Le Parlement zimbabwéen a approuvé d’importantes révisions constitutionnelles prévoyant la prolongation de deux ans du mandat du président Emmerson Mnangagwa et la suppression de l’élection présidentielle au suffrage universel direct, franchissant ainsi la dernière étape législative avant leur entrée en vigueur.
Le texte de la révision constitutionnelle au Zimbabwe, prolongeant de deux ans l’actuel mandat présidentiel, doit désormais être promulgué par le chef de l’État après son adoption, mardi, par l’Assemblée nationale, qui l’a approuvé par 226 voix contre 41. Les amendements avaient auparavant été validés par le Sénat.
Ces dispositions constituent l’essentiel du projet de révision constitutionnelle n° 3 (CAB3), un ensemble de réformes que ses détracteurs qualifient de « coup d’État constitutionnel ».
Le CAB3 fait passer la durée des mandats présidentiel et parlementaire de cinq à sept ans. En conséquence, le second et dernier mandat du président Mnangagwa, qui devait s’achever en 2028, serait prolongé jusqu’en 2030.

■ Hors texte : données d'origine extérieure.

Lemma si_lowering_shift S d d1 a p K psi rho :
  si_scheduling_rule S -> S d -> is_step d1 -> st_goal d = (a, p) :: K ->
  st_goal d1 = (asubst psi a, rho p) :: pshift rho (psubst psi K) ->
  st_clause d1 = st_clause d -> shifting rho ->
  exists pi2 rh, [/\ shifting pi2, shifting rh,
    List.map rh (prios K) = List.map rho (prios K),
    List.map pi2 (prios (cbody (st_clause d))) =
      List.map (fun x => rh (st_shift d x)) (prios (cbody (st_clause d))) &
    forall d3, is_step d3 -> st_goal d3 = st_goal d1 -> st_clause d3 = st_clause d ->
      st_shift d3 = pi2 -> S d3].
Proof.
move=> [[S_step [S_ex S_closed]] S_si] Sd low_step Eg Eg1 Ec1 rho_sh.
have [d2 [Sd2 [Eg2 Ec2]]] := S_ex d1 low_step.
have d2_step := S_step d2 Sd2.
have wK' : wf_pgoal (pshift rho (psubst psi K)).
  by case: low_step => [a' [p' [F [_ [wg _]]]]]; rewrite Eg1 in wg; exact: wf_tail wg.
have low : lowering d d2 [::].
  exists psi, rho, K; split; first exact: S_step.
  split=> //; split; first by rewrite Ec2.
  split=> //; exists a, p, (pshift rho (psubst psi K)).
  by split=> //; split; [exact: psum_nil | rewrite Eg2].
have [lam [sig [K0 [[_ [_ [_ [_ [a0 [p0 [KX [Eg0 [Psum Eg2']]]]]]]]] [rh [rh_sh [ErhK ErhB]]]]]]] :=
  S_si d d2 [::] Sd Sd2 low.
move: Eg0 Eg2'; rewrite Eg Eg2 Eg1 => -[_ _ EK0] /(congr1 behead) /= EKX; subst K0.
have [w1 [_ [_ [w2 P]]]] := Psum; rewrite cats0 -EKX in P w2.
have d2_shift : shifting (st_shift d2).
  by case: d2_step => [? [? [? [_ [_ [_ [_ [_ [_ [_ [_ [sh _]]]]]]]]]]]].
exists (st_shift d2), rh; split=> //.
- have := perm_wf_prios w1 w2 P; rewrite !prios_pshift !prios_psubst => <-.
  by rewrite -!prios_pshift ErhK.
- by have := f_equal prios ErhB; rewrite !prios_pshift List.map_map => <-.
move=> d3 sched_step Eg3 Ec3 Es3; apply: (S_closed d2) => //.
by split; exists [::]; apply: cong_lowering_same; rewrite // ?Eg3 ?Eg2 ?Eg1 ?Ec3 ?Ec2 ?Ec1.
Qed.

(** * Lifting derivations to instances *)

Lemma lift_step S d tau psi rho delta seen :
  si_scheduling_rule S -> S d -> shifting rho ->
  agree_on (pgvars (st_goal d)) (scomp psi delta) (scomp (st_mgu d) tau) ->
  exists d', [/\ S d', st_goal d' = pshift rho (psubst psi (st_goal d)),
      st_clause d' = st_clause d & disjointL (rcvars d') seen] /\
    exists psi' rho' delta', [/\ shifting rho',
      st_res d' = pshift rho' (psubst psi' (st_res d)) &
      agree_on (pgvars (st_res d)) (scomp psi' delta') tau].
Proof.
move=> HS Sd rho_sh agr; have d_step := HS.1.1 d Sd.
have [a [p [K [Eg [wg [_ [xi_ren [dis [_ [_ [th_mgu [pi_sh [H [Psum Eres]]]]]]]]]]]]]] := d_step.
set G' := pshift rho (psubst psi (st_goal d)).
have G'L v : List.In v (pgvars (psubst psi (st_goal d))) -> List.In v (seen ++ pgvars G').
  by move=> vG; apply/List.in_app_iff; right; rewrite pgvars_pshift.
have [xi' [chi [s [xi'_ren fresh chi_psi [chi_h chi_B] agr_s]]]] :=
  fresh_instance xi_ren dis G'L agr.
have unifV x : List.In x (avars a ++ avars (asubst (st_ren d) (chead (st_clause d)))) ->
    List.In x (pgvars (st_goal d) ++ renamed_clause_vars (st_clause d) (st_ren d)).
  case/List.in_app_iff=> [xa|xh]; apply/List.in_app_iff; last by right; apply/List.in_app_iff; left.
  by left; rewrite Eg; apply/pgvars_cons; left.
have [al [psi' [delta' [al_mgu Epsi' agr']]]] := lift_mgu th_mgu chi_h unifV agr_s.
have chi_a : asubst chi a = asubst psi a.
  by apply: asubst_ext => x xa; apply: chi_psi; rewrite Eg; apply/pgvars_cons; left.
have chi_K : psubst chi K = psubst psi K.
  by apply: psubst_ext => x xK; apply: chi_psi; rewrite Eg; apply/pgvars_cons; right.
have EG' r : List.map r (prios K) = List.map rho (prios K) ->
    G' = (asubst chi a, rho p) :: pshift r (psubst chi K).
  by move=> Er; rewrite /G' Eg /= chi_a chi_K; congr cons; apply: pshift_ext; rewrite prios_psubst.
have wG' : wf_pgoal G' by apply: wf_pshift => //; apply: wf_psubst.
have disG' : disjointL (pgvars G') (renamed_clause_vars (st_clause d) xi').
  by move=> v vG' vR; apply: (fresh v vR); apply/List.in_app_iff; right.
have low_step := step_instance d_step Eg Psum (EG' rho erefl) wG' rho_sh
  (shifting_comp rho_sh pi_sh) erefl xi'_ren chi_B disG' al_mgu.
have [pi2 [rh [pi2_sh rh_sh ErhK Epi2 S_closed]]] :=
  si_lowering_shift HS Sd low_step Eg (EG' rho erefl) erefl rho_sh.
have sched_step := step_instance d_step Eg Psum (EG' rh ErhK) wG' rh_sh pi2_sh Epi2
  xi'_ren chi_B disG' al_mgu.
exists (Step G' (st_clause d) xi' al pi2 (psubst al (pshift rh (psubst chi H)))); split.
  split=> //; first exact: S_closed sched_step erefl erefl erefl.
  by move=> v vR vs; apply: (fresh v vR); apply/List.in_app_iff; left.
exists psi', rh, delta'; split=> //.
  rewrite /= Eres -pshift_psubst !psubst_comp; congr pshift.
  by apply: psubst_ext => x _; apply: Epsi'.
by move=> v /(pgvars_step_res d_step) [x [xV vx]]; apply: agr' xV _ vx.
Qed.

Le texte prévoit également de remplacer l’élection présidentielle au suffrage universel direct par un système dans lequel le président serait désigné par le Parlement, revenant ainsi sur une réforme électorale en vigueur depuis 1987.
Les partis d’opposition et plusieurs experts juridiques estiment que ces modifications renforcent l’emprise du parti au pouvoir, la ZANU-PF, sur les institutions de l’État. Ils soutiennent également qu’elles contreviennent aux dispositions constitutionnelles interdisant aux dirigeants en exercice de bénéficier de changements relatifs à la durée des mandats.
L’opposition réclame l’organisation d’un référendum national, estimant que ces amendements portent atteinte aux principes de responsabilité démocratique et de souveraineté populaire.